Jim eyes Yolanda, says something to Eve. She stiffens, nods.
Smirking, Jim shambles inside the radio shed. Phil and Eve stare at each other for a moment, faces flushed. Then they drop their gazes, stalk in opposite directions.
‘Mom, want us to walk you to your cottage?’
Rosaline wrests her gaze from whatever drama is unfolding between Eve and Phil, and turns to Jin-sun. He looks like he’s aged ten years in one night, but his eyes are wide, solicitous. Carrie yawns into the crown of Bam’s head.
‘Don’t worry about me, sweetie.’ Rosaline kisses all three of them. ‘Make sure your parents get some sleep, baby boy.’

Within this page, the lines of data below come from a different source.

(* Let $P$ be a convergent periodic orbit with over-rotation pair $(nr,ns)$, where $n,r,s\in\mathbb{N}$, $\gcd(r,s)=1$ and $n>1$, and suppose the code of $P$ is non-decreasing. Then the $P$-linear map $f$ has no periodic orbit of over-rotation number less than $\frac rs$; in other words, $P$ does not force any periodic orbit of over-rotation number less than $\frac rs$.
   Context: For a cycle $P$ of a map $f$, the $P$-linear map agrees with $f$ on $P$ and is affine between consecutive points of $P$. $P$ is convergent if there are no $x<y$ in $P$ with $f(x)<x$, $f(y)>y$; then the $P$-linear map has a unique fixed point $a$. Over-rotation pair: for a cycle $P$ of period $q\ge2$, $2p$ is the number of $x\in P$ with $f(x)-x$ and $f^2(x)-f(x)$ of different signs; $orp(P)=(p,q)$, $\rho(P)=p/q$ (and similarly for non-fixed periodic orbits of $f$). Write $x>_a y$ if $x<y<a$ or $x>y>a$. Code: with $\rho=\rho(P)$ and $\varphi(y)=1$ if $y>a$ and $f(y)<a$, $\varphi(y)=0$ otherwise, the code $L:P\to\mathbb{R}$ is given by $L(x_0)=0$ for the leftmost point $x_0$ of $P$ and $L(f(y))=L(y)+\rho-\varphi(y)$. The code is non-decreasing if $x>_a y$ implies $L(x)\le L(y)$ for all $x,y\in P$. *)

From Stdlib Require Import Reals Lra Lia.
Open Scope R_scope.

Definition itr (f : R -> R) (k : nat) (x : R) : R := Nat.iter k f x.

Definition least_period (f : R -> R) (x : R) (m : nat) : Prop :=
  (1 <= m)%nat /\ itr f m x = x /\
  (forall k : nat, (0 < k < m)%nat -> itr f k x <> x).

Definition leftmost_cycle (f : R -> R) (x0 : R) (q : nat) : Prop :=
  least_period f x0 q /\ (forall k : nat, (k < q)%nat -> x0 <= itr f k x0).

Definition P_linear (f : R -> R) (x0 : R) (q : nat) : Prop :=
  forall i j : nat, (i < q)%nat -> (j < q)%nat ->
    let a := itr f i x0 in let b := itr f j x0 in
    a < b ->
    (forall k : nat, (k < q)%nat -> ~ (a < itr f k x0 < b)) ->
    forall t : R, a <= t <= b ->
      f t = f a + (f b - f a) / (b - a) * (t - a).

Definition convergent (f : R -> R) (x0 : R) (q : nat) : Prop :=
  ~ (exists i j : nat, (i < q)%nat /\ (j < q)%nat /\
       itr f i x0 < itr f j x0 /\
       f (itr f i x0) < itr f i x0 /\ f (itr f j x0) > itr f j x0).

Definition sign_change (f : R -> R) (x : R) : nat :=
  if Rlt_dec ((f x - x) * (f (f x) - f x)) 0 then 1%nat else 0%nat.

Fixpoint sign_change_count (f : R -> R) (x : R) (m : nat) : nat :=
  match m with
  | O => O
  | S m' => (sign_change_count f x m' + sign_change f (itr f m' x))%nat
  end.

Definition orp (f : R -> R) (x : R) (p q : nat) : Prop :=
  least_period f x q /\ (2 <= q)%nat /\ sign_change_count f x q = (2 * p)%nat.

Definition over_rotation_number (f : R -> R) (x : R) (m : nat) : R :=
  INR (sign_change_count f x m) / (2 * INR m).

Definition phi (f : R -> R) (a y : R) : R :=
  if Rlt_dec a y then (if Rlt_dec (f y) a then 1 else 0) else 0.

Fixpoint phi_sum (f : R -> R) (a x0 : R) (k : nat) : R :=
  match k with
  | O => 0
  | S k' => phi_sum f a x0 k' + phi f a (itr f k' x0)
  end.

(* The code L along the cycle: L(f^k x0) = k*rho - sum_{j<k} phi(f^j x0),
   i.e. the solution of L(x0)=0, L(f y) = L(y) + rho - phi(y). *)
Definition code (f : R -> R) (a rho x0 : R) (k : nat) : R :=
  INR k * rho - phi_sum f a x0 k.

Definition gt_a (a x y : R) : Prop := (x < y < a) \/ (a < y < x).

Definition code_nondecreasing (f : R -> R) (a rho x0 : R) (q : nat) : Prop :=
  forall i j : nat, (i < q)%nat -> (j < q)%nat ->
    gt_a a (itr f i x0) (itr f j x0) -> code f a rho x0 i <= code f a rho x0 j.

From Stdlib Require Import Reals Arith Lra Lia Psatz Classical.
Open Scope R_scope.

(* Let P = {pt k : k < N} be the cycle, a the fixed point of the
   P-linear map f, and L the code of P at rotation number rho = rho(P), so that
   L(N) = 0 and L(f p) = L(p) + rho - phi(p) along P.

   1. Signs: on the convex hull of P, f moves points towards a (f u > u left of
      a, f u < u right of a).  On P this is convergence; elsewhere it follows
      because f - id is affine on every gap of P.  Consequently the hull is
      f-invariant and, along any periodic orbit in it, every sign change of
      f - id is a crossing of a, so the number of sign changes equals twice the
      number of right-to-left crossings: sign_change_count = 2 * phi_sum.
   2. Extend the code to the hull: D(x) (outer_code) is the largest code of a point of P
      lying beyond x as seen from a.  Monotonicity of the code and the affine
      structure on gaps give D(f z) >= D(z) + rho - phi(z) for every hull point
      z with z, f z <> a (each z is "shadowed" by a point of P).
   3. Summing this inequality around a periodic orbit of period m gives
      phi_sum >= m * rho, i.e. its over-rotation number is at least rho. *)

Lemma itr_add (f : R -> R) (p q : nat) (x : R) : itr f (p + q) x = itr f p (itr f q x).
Proof. unfold itr; apply Nat.iter_add. Qed.

Lemma itr_fixed (f : R -> R) (a : R) (k : nat) : f a = a -> itr f k a = a.
Proof.
  intros Ha; induction k as [|k IH]; [reflexivity|].
  change (f (itr f k a) = a); rewrite IH; exact Ha.
Qed.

As the young family shuffles out of the pavilion, Rosaline watches Eve issuing commands to Yolanda. ‘If you can’t find any orchids, cut some zinnias. Bring them straight to West House.’ Yolanda nods and Eve waves her away, marches toward the Education Tent.
Though she knows her aching bones will hate her for it, Rosaline follows. Slowly. Inside, Eve is spraying blackboards with a bottle of vinegar like her life depends on it. She stops when she sees Rosaline. ‘Yes?’
In response, a new ball of pain fires up Rosaline’s spine. With a strangled cry, Rosaline flaps her hands, wincingly sits herself on the nearest wooden bench. She can’t speak for at least a minute, by which point Eve is standing over her, clutching her spray-bottle.